Lemma adapted_orthonormal_basis n (U : 'M[R]_n) :
  exists (r s : nat) (P : 'M[R]_(n, r + s)),
    [/\ (r + s)%N = n, P^T *m P = 1%:M &
        forall g : 'cV[R]_n, (g^T <= U)%MS <-> exists x, g = lsubmx P *m x].
Proof.
have [W1 [W1W1t _ W1U]] : exists W1 : 'M[R]_(\rank U, n),
    [/\ W1 *m W1^T = 1%:M, (0 : 'M[R]_(1, n)) *m W1^T = 0 & (W1 <= U)%MS].
  by apply: extend_orthonormal; rewrite mxrank0.
have rk2 : (\rank W1 + (n - \rank U) <= \rank (1%:M : 'M[R]_n))%N.
  by rewrite (rank_orthonormal W1W1t) mxrank1 subnKC // rank_leq_col.
have [W2 [W2W2t W1W2t _]] := extend_orthonormal rk2.
have W2W1t : W2 *m W1^T = 0 by rewrite -[W2]trmxK -trmx_mul W1W2t trmx0.
have UW1 : (U <= W1)%MS.
  by rewrite -(geq_leqif (mxrank_leqif_sup W1U)) (rank_orthonormal W1W1t).
exists (\rank U), (n - \rank U)%N, (col_mx W1 W2)^T; split.
- by rewrite subnKC // rank_leq_col.
- by rewrite trmxK tr_col_mx mul_col_row W1W1t W2W2t W1W2t W2W1t -scalar_mx_block.
rewrite tr_col_mx row_mxKl => g; split=> [gU | [x ->]].
  have /submxP [x gx] := submx_trans gU UW1.
  by exists x^T; rewrite -trmx_mul -gx trmxK.
by rewrite trmx_mul trmxK (submx_trans (submxMl _ _) W1U).
Qed.

End OrthonormalBasis.

Section IndexOne.
Variables (F : fieldType) (n : nat) (A : 'M[F]_n.+1).
Hypothesis ker_sq : forall x : 'cV[F]_n.+1, A *m (A *m x) = 0 -> A *m x = 0.

Lemma ker_pow_ker k (x : 'cV[F]_n.+1) : A ^+ k.+1 *m x = 0 -> A *m x = 0.
Proof.
elim: k x => [|k IH] x; first by rewrite expr1.
by rewrite exprSr -mulmxE -mulmxA => /IH; exact: ker_sq.
Qed.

=-=-=

What you will do:
For the word "exists", state the number of lines in the listing that contain it and nothing further.

Answer box:
5